§ **Work item**
Copy out, from the entries below, each line that holds the string "Import".

------ Data records ------

(* For integers $k\ge0$ put $\zeta(-k|z)=-\frac{B_{k+1}(z)}{k+1}$, and for $r\ge2$ and integers $k_1,\ldots,k_r\ge0$ define recursively \[ \zeta(-k_1,\ldots,-k_r|z)=-\frac{1}{k_r+1}\zeta(-k_1,\ldots,-k_{r-2},-k_{r-1}-k_r-1|z)-\frac12\zeta(-k_1,\ldots,-k_{r-2},-k_{r-1}-k_r|z) \] \[ +\sum_{q=1}^{k_r}(-k_r)_q\frac{B_{q+1}}{(q+1)!}\zeta(-k_1,\ldots,-k_{r-2},-k_{r-1}-k_r+q|z), \] and let the depth-zero value be $1$. Then, up to addition of a function of period $1$, these are the solutions of the system of difference equations \[ V(-k_1,\ldots,-k_r|z+1)-V(-k_1,\ldots,-k_r|z)=-z^{k_1}V(-k_2,\ldots,-k_r|z+1)\qquad(r\ge1,\ k_j\ge0); \] that is, the polynomials $\zeta(-k_1,\ldots,-k_r|z)$ satisfy this system, and for each fixed tuple any solution $V(-k_1,\ldots,-k_r|z)$ of the equation with right-hand side $-z^{k_1}\zeta(-k_2,\ldots,-k_r|z+1)$ differs from $\zeta(-k_1,\ldots,-k_r|z)$ by a function of period $1$.
   Context: $B_n(z)$ denotes the $n$-th Bernoulli polynomial and $B_n=B_n(0)$ the $n$-th Bernoulli number. $(a)_q=a(a+1)\cdots(a+q-1)$ is the Pochhammer symbol. For $r=2$ the prefix $-k_1,\ldots,-k_{r-2}$ is empty. *)

From mathcomp Require Import all_boot all_order all_algebra.
Set Implicit Arguments. Unset Strict Implicit. Unset Printing Implicit Defensive.
Import Order.TTheory GRing.Theory Num.Theory.
Local Open Scope ring_scope.

Section Bern.
Variable R : numFieldType.

(* bern_seq n = [:: B_0; ...; B_n], with B_0 = 1 and
   sum_{j=0}^{n} C(n+1,j) B_j = 0 for n >= 1 (so B_1 = -1/2). *)
Fixpoint bern_seq (n : nat) : seq R :=
  match n with
  | 0 => [:: 1]
  | m.+1 => let s := bern_seq m in
      rcons s (- (\sum_(j < m.+1) 'C(m.+2, j)%:R * s`_j) / (m.+2)%:R)
  end.

Definition bernoulli (n : nat) : R := (bern_seq n)`_n.

Definition bernpoly (n : nat) (z : R) : R :=
  \sum_(j < n.+1) 'C(n, j)%:R * bernoulli j * z ^+ (n - j).

Definition poch (a : R) (q : nat) : R := \prod_(i < q) (a + i%:R).

(* zetaF n ks z : the value zeta(-k_1,...,-k_n | z) for ks = [:: k_1; ...; k_n],
   n being the depth (= size ks). *)
Fixpoint zetaF (n : nat) (ks : seq nat) (z : R) {struct n} : R :=
  match n with
  | 0 => 1
  | m.+1 =>
    match m with
    | 0 => - bernpoly (head 0%N ks).+1 z / (head 0%N ks).+1%:R
    | _.+1 =>
      let pre := take (m.-1) ks in
      let a := nth 0%N ks m.-1 in
      let b := nth 0%N ks m in
      - (b.+1%:R)^-1 * zetaF m (rcons pre (a + b).+1%N) z
      - 2^-1 * zetaF m (rcons pre (a + b)%N) z
      + \sum_(1 <= q < b.+1)
          poch (- b%:R) q * bernoulli q.+1 / (q.+1)`!%:R
            * zetaF m (rcons pre (a + b - q)%N) z
    end
  end.

Definition zeta (ks : seq nat) (z : R) : R := zetaF (size ks) ks z.

End Bern.

From mathcomp Require Import all_boot all_order all_algebra ring zify.
Import Order.TTheory GRing.Theory Num.Theory.
Set Implicit Arguments. Unset Strict Implicit. Unset Printing Implicit Defensive.
Local Open Scope ring_scope.

(* The depth-one case is the difference equation B_{k+1}(z+1) - B_{k+1}(z) = (k+1) z^k
   of the Bernoulli polynomials. The recursion from depth r to depth r+1 is a linear
   operator [zeta_step a b] applied to the function x |-> zeta(..., -x | z) of the merged
   last argument, so it commutes with the difference z |-> f(z+1) - f(z), and by
   induction everything reduces to depth two, i.e. to [zeta_step] on the monomials z^x.
   There the Pochhammer weights (-b)_q B_{q+1}/(q+1)! become the binomial coefficients of
   B_{b+1}, up to the sign (-1)^(q+1), which is harmless because the odd Bernoulli numbers
   B_3, B_5, ... vanish. Uniqueness holds because two solutions have the same difference. *)

Lemma mul_bin_sub n k i : (i <= k)%N -> (k <= n)%N ->
  ('C(n, k) * 'C(k, i) = 'C(n, i) * 'C(n - i, k - i))%N.
Proof.
move=> le_ik le_kn; have le_in := leq_trans le_ik le_kn.
have fact_pos : (0 < i`! * (k - i)`! * (n - k)`!)%N by rewrite !muln_gt0 !fact_gt0.
apply/eqP; rewrite -(eqn_pmul2r fact_pos); apply/eqP.
have sub_sub : (n - i - (k - i) = n - k)%N by rewrite subnBA // subnK.
transitivity n`!; first by rewrite -(bin_fact le_kn) -(bin_fact le_ik); ring.
rewrite -(bin_fact le_in) -(@bin_fact (n - i) (k - i)) ?leq_sub2r // sub_sub.
ring.
Qed.

Section Appell.
Variable R : comNzRingType.

Definition appell (c : nat -> R) n (x : R) :=
  \sum_(j < n.+1) 'C(n, j)%:R * c j * x ^+ (n - j).

Lemma appellD c n x y : appell c n (x + y) =
  \sum_(k < n.+1) 'C(n, k)%:R * appell c k x * y ^+ (n - k).
Proof.
pose F (k i : nat) := 'C(n, k)%:R * ('C(k, i)%:R * c i * x ^+ (k - i)) * y ^+ (n - k).
transitivity (\sum_(k < n.+1) \sum_(i < n.+1) F k i); last first.
  apply: eq_bigr => k _; rewrite /appell big_distrr big_distrl /=.
  rewrite (big_ord_widen n.+1 (F k) (ltn_ord k)) [RHS]big_mkcond /=.
  apply: eq_bigr => i _; case: ifP => // /negbT; rewrite -leqNgt => lt_ki.
  by rewrite /F (bin_small lt_ki) !(mul0r, mulr0).
rewrite exchange_big /=; apply: eq_bigr => i _.
have le_in : (i <= n)%N by rewrite -ltnS.
rewrite -(big_mkord xpredT (fun k => F k i)) (@big_cat_nat _ _ _ i) //=; last exact: ltnW.
rewrite [\sum_(0 <= k < i) _]big_nat_cond big1 ?add0r; last first.
  by move=> k /andP[/andP[_ lt_ki] _]; rewrite /F (bin_small lt_ki) !(mul0r, mulr0).
rewrite -[X in index_iota X _](add0n i) big_addn big_mkord subSn //.
rewrite addrC exprDn big_distrr /=; apply: eq_bigr => l _.
have le_l : (l <= n - i)%N by rewrite -ltnS.
have bin_eq : 'C(n, l + i)%:R * 'C(l + i, i)%:R = 'C(n, i)%:R * 'C(n - i, l)%:R :> R.
  by rewrite -!natrM mul_bin_sub ?addnK //; lia.
rewrite /F addnK -[_ *+ 'C(n - i, l)]mulr_natr (_ : n - (l + i) = n - i - l)%N; last lia.
transitivity ('C(n, l + i)%:R * 'C(l + i, i)%:R * (c i * x ^+ l * y ^+ (n - i - l)));
  by [rewrite bin_eq; ring | ring].
Qed.

End Appell.

Section Bernoulli.
Variable R : numFieldType.
Local Notation B := (bernoulli R).

Lemma size_bern_seq n : size (bern_seq R n) = n.+1.
Proof. by elim: n => //= n IHn; rewrite size_rcons IHn. Qed.

Lemma nth_bern_seq n j : (j <= n)%N -> (bern_seq R n)`_j = B j.
Proof.
elim: n => [|n IHn]; first by rewrite leqn0 => /eqP ->.
rewrite leq_eqVlt => /orP[/eqP -> //|lt_jn].
by rewrite /= nth_rcons size_bern_seq lt_jn IHn.
Qed.

Lemma bernoulli0 : B 0 = 1. Proof. by []. Qed.

Lemma bernoulliS m :
  B m.+1 = - (\sum_(j < m.+1) 'C(m.+2, j)%:R * B j) / m.+2%:R.
Proof.
rewrite /bernoulli /= nth_rcons size_bern_seq ltnn eqxx.
by congr (- _ / _); apply: eq_bigr => j _; rewrite nth_bern_seq // -ltnS.
Qed.

Lemma bernoulli1 : B 1 = - 2^-1.
Proof. by rewrite bernoulliS big_ord1 bernoulli0 bin0 mulr1 mulNr mul1r. Qed.

Lemma sum_bin_bernoulli n :
  \sum_(j < n.+1) 'C(n, j)%:R * B j = B n + (n == 1%N)%:R.
Proof.
case: n => [|[|m]]; first by rewrite big_ord1 mulr1 addr0.
  by rewrite !big_ord_recr big_ord0 /= bernoulli0 bernoulli1 bin0 binn; field.
rewrite big_ord_recr /= binn mul1r addr0 big_ord_recr /= binSn bernoulliS.
by rewrite [_%:R * _]mulrC divfK ?pnatr_eq0 // addrN add0r.
Qed.

Lemma bernpolyE n z : bernpoly n z = appell B n z. Proof. by []. Qed.

Lemma bernpoly0 n : bernpoly n 0 = B n.
Proof.
rewrite /bernpoly big_ord_recr /= binn subnn mul1r mulr1 big1 ?add0r // => j _.
by rewrite expr0n subn_eq0 leqNgt ltn_ord mulr0.
Qed.

Lemma bernpoly1 n : bernpoly n 1 = B n + (n == 1%N)%:R.
Proof. by rewrite -sum_bin_bernoulli /bernpoly; apply: eq_bigr => j _; rewrite expr1n mulr1. Qed.

Lemma bernpolyD1 n (z : R) : bernpoly n.+1 (z + 1) - bernpoly n.+1 z = n.+1%:R * z ^+ n.
Proof.
rewrite [z + 1]addrC bernpolyE appellD.
under eq_bigr => k _ do rewrite -bernpolyE bernpoly1 mulrDr mulrDl.
rewrite big_split /= -/(bernpoly n.+1 z) addrAC subrr add0r.
rewrite !big_ord_recl big1 => [|j _]; last by rewrite mulr0 mul0r.
by rewrite /= mulr0 mul0r add0r bin1 mulr1 subn1 addr0.
Qed.

(* Its vanishing is the symmetry B_j(1 - x) = (-1)^j B_j(x) at x = 0. *)
Let reflection_defect j := (-1) ^+ j * bernpoly j (1 : R) - B j.

Lemma sum_reflection_defect n : \sum_(j < n) 'C(n, j)%:R * reflection_defect j = 0.
Proof.
have sign_sub k : (k <= n)%N -> (-1) ^+ n * (-1) ^+ (n - k) = (-1) ^+ k :> R.
  by move=> le_kn; rewrite -{1}(subnK le_kn) exprD mulrAC -mulrA signrMK.
have reflect : (-1) ^+ n * B n = \sum_(k < n.+1) 'C(n, k)%:R * ((-1) ^+ k * bernpoly k 1).
  rewrite -bernpoly0 -[X in bernpoly _ X](subrr 1) bernpolyE appellD big_distrr /=.
  apply: eq_bigr => k _; rewrite -bernpolyE -(sign_sub k) ?leq_ord //; ring.
have total : \sum_(k < n.+1) 'C(n, k)%:R * reflection_defect k
    = (-1) ^+ n * B n - (B n + (n == 1%N)%:R).
  rewrite reflect -sum_bin_bernoulli -sumrB.
  by apply: eq_bigr => k _; rewrite /reflection_defect; ring.
move: total; rewrite big_ord_recr /= binn mul1r [reflection_defect n]/reflection_defect bernpoly1.
move/(canRL (addrK _)) ->.
by case: n {reflect sign_sub} => [|[|m]] /=; rewrite ?expr0 ?expr1; ring.
Qed.

Lemma reflection_defect_eq0 k : reflection_defect k = 0.
Proof.
elim/ltn_ind: k => k IH; have := sum_reflection_defect k.+1.
rewrite big_ord_recr /= big1 ?add0r => [|j _]; last by rewrite IH ?mulr0.
by rewrite binSn => /eqP; rewrite mulf_eq0 pnatr_eq0 /= => /eqP.
Qed.

Lemma sign_bernoulli k : (1 < k)%N -> (-1) ^+ k * B k = B k.
Proof.
move=> lt1k; have /eqP := reflection_defect_eq0 k.
by rewrite /reflection_defect bernpoly1 (gtn_eqF lt1k) addr0 subr_eq0 => /eqP.
Qed.

Lemma poch_opp_nat b q : (q <= b)%N -> poch (- b%:R : R) q = (-1) ^+ q * (b ^_ q)%:R.
Proof.
elim: q => [|q IHq] le_qb; first by rewrite /poch big_ord0 mul1r.
rewrite /poch big_ord_recr /= -/(poch _ _) IHq ?(ltnW le_qb) //.
by rewrite ffactnSr natrM natrB ?(ltnW le_qb) // exprS; ring.
Qed.

Lemma poch_bernoulli_coef b q : (0 < q <= b)%N ->
  poch (- b%:R) q * B q.+1 / q.+1`!%:R = - ('C(b.+1, q.+1)%:R * B q.+1) / b.+1%:R.
Proof.
case/andP=> q_gt0 le_qb; rewrite poch_opp_nat // -[in RHS](sign_bernoulli (k := q.+1)) //.
have binE : 'C(b.+1, q.+1)%:R = b.+1%:R * (b ^_ q)%:R / q.+1`!%:R :> R.
  by rewrite -natrM -ffactSS -bin_ffact natrM mulfK // pnatr_eq0 -lt0n fact_gt0.
rewrite binE exprS; field.
by rewrite addrC natr1 !pnatr_eq0 /= -lt0n fact_gt0.
Qed.

Lemma bernpolyS_expand n (z : R) : bernpoly n.+1 z =
  z ^+ n.+1 - 2^-1 * n.+1%:R * z ^+ n
  + \sum_(1 <= q < n.+1) 'C(n.+1, q.+1)%:R * B q.+1 * z ^+ (n - q).
Proof.
rewrite /bernpoly !big_ord_recl big_add1 big_mkord /= bernoulli0 bernoulli1 bin0 bin1.
rewrite !subn0 subSS subn0 /bump /=.
by under eq_bigr do rewrite subSS; ring.
Qed.
End Bernoulli.

Section Zeta.
Variable R : numFieldType.
Local Notation B := (bernoulli R).

Definition zeta_step a b (F : nat -> R) : R :=
  - (b.+1%:R)^-1 * F (a + b).+1%N - 2^-1 * F (a + b)%N
  + \sum_(1 <= q < b.+1) poch (- b%:R) q * B q.+1 / q.+1`!%:R * F (a + b - q)%N.

Lemma eq_zeta_step a b F G : F =1 G -> zeta_step a b F = zeta_step a b G.
Proof. by move=> eqFG; rewrite /zeta_step !eqFG; under eq_bigr do rewrite eqFG. Qed.

Lemma zeta_stepB a b F G :
  zeta_step a b (fun x => F x - G x) = zeta_step a b F - zeta_step a b G.
Proof. by rewrite /zeta_step; under eq_bigr do rewrite mulrBr; rewrite sumrB; ring. Qed.

Lemma zeta_stepZ a b c F : zeta_step a b (fun x => c * F x) = c * zeta_step a b F.
Proof. by rewrite /zeta_step; under eq_bigr do rewrite mulrCA; rewrite -big_distrr /=; ring. Qed.

Lemma zeta_step_exp a b (z : R) :
  zeta_step a b (fun x => z ^+ x) = - z ^+ a * bernpoly b.+1 (z + 1) / b.+1%:R.
Proof.
have sum_eq : \sum_(1 <= q < b.+1) poch (- b%:R) q * B q.+1 / q.+1`!%:R * z ^+ (a + b - q)
    = - z ^+ a * (\sum_(1 <= q < b.+1) 'C(b.+1, q.+1)%:R * B q.+1 * z ^+ (b - q)) / b.+1%:R.
  rewrite big_distrr big_distrl /=; apply: eq_big_nat => q /andP[q_gt0 lt_qb].
  rewrite poch_bernoulli_coef ?q_gt0 // -addnBA ?(ltnW lt_qb) // exprD; ring.
have -> : bernpoly b.+1 (z + 1) = bernpoly b.+1 z + b.+1%:R * z ^+ b.
  by rewrite -bernpolyD1 subrKC.
rewrite bernpolyS_expand /zeta_step /= sum_eq -addnS !exprD !exprS; field.
by rewrite addrC natr1 pnatr_eq0.
Qed.

Lemma zetaF1 k ks (z : R) : zetaF 1 (k :: ks) z = - bernpoly k.+1 z / k.+1%:R.
Proof. by []. Qed.

Lemma zetaF_SS m ks (z : R) : zetaF m.+2 ks z =
  zeta_step (nth 0%N ks m) (nth 0%N ks m.+1) (fun x => zetaF m.+1 (rcons (take m ks) x) z).
Proof. by []. Qed.

Lemma zetaF_diff n ks k1 (z : R) : size ks = n ->
  zetaF n.+1 (k1 :: ks) (z + 1) - zetaF n.+1 (k1 :: ks) z = - z ^+ k1 * zetaF n ks (z + 1).
Proof.
elim: n ks k1 z => [|n IHn] ks k1 z size_ks.
  rewrite mulr1 !zetaF1 -mulrBl opprK addrC -opprB bernpolyD1 mulNr mulrAC divff ?mul1r //.
  by rewrite pnatr_eq0.
rewrite !zetaF_SS -zeta_stepB.
case: n IHn size_ks => [|m] IHn size_ks.
  case: ks size_ks => [|b []] // _.
  rewrite (@eq_zeta_step _ _ _ (fun x => -1 * z ^+ x)) => [|x]; last first.
    by rewrite IHn // mulr1 mulN1r.
  by rewrite zeta_stepZ zeta_step_exp zetaF1 /=; ring.
rewrite (@eq_zeta_step _ _ _ (fun x => - z ^+ k1 * zetaF m.+1 (rcons (take m ks) x) (z + 1))).
  by rewrite zeta_stepZ zetaF_SS.
by move=> x; apply: IHn; rewrite size_rcons size_take size_ks ltnS leqnSn.
Qed.

Lemma zeta_cons_diff k1 ks (z : R) :
  zeta (k1 :: ks) (z + 1) - zeta (k1 :: ks) z = - z ^+ k1 * zeta ks (z + 1).
Proof. exact: zetaF_diff. Qed.

End Zeta.

Lemma eq_diff_periodic (D : pzRingType) (M : zmodType) (V W : D -> M) :
  (forall z, V (z + 1) - V z = W (z + 1) - W z) ->
  forall z, V (z + 1) - W (z + 1) = V z - W z.
Proof.
by move=> eq_diff z; rewrite -[V (z + 1)](subrKC (V z)) eq_diff addrAC -addrA addKr.
Qed.

Theorem theorem3p1 (R : numFieldType) :
  (forall (k1 : nat) (ks : seq nat) (z : R),
      zeta (k1 :: ks) (z + 1) - zeta (k1 :: ks) z
      = - z ^+ k1 * zeta ks (z + 1))
  /\
  (forall (k1 : nat) (ks : seq nat) (V : R -> R),
      (forall z : R, V (z + 1) - V z = - z ^+ k1 * zeta ks (z + 1)) ->
      exists p : R -> R,
        (forall z : R, p (z + 1) = p z) /\
        (forall z : R, V z = zeta (k1 :: ks) z + p z)).
Proof.
split=> [|k1 ks V V_diff]; first exact: zeta_cons_diff.
exists (fun z => V z - zeta (k1 :: ks) z); split=> [|z]; last by rewrite subrKC.
by apply: eq_diff_periodic => z; rewrite V_diff zeta_cons_diff.
Qed.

------

§ **Result**
From mathcomp Require Import all_boot all_order all_algebra.
Import Order.TTheory GRing.Theory Num.Theory.
From mathcomp Require Import all_boot all_order all_algebra ring zify.
Import Order.TTheory GRing.Theory Num.Theory.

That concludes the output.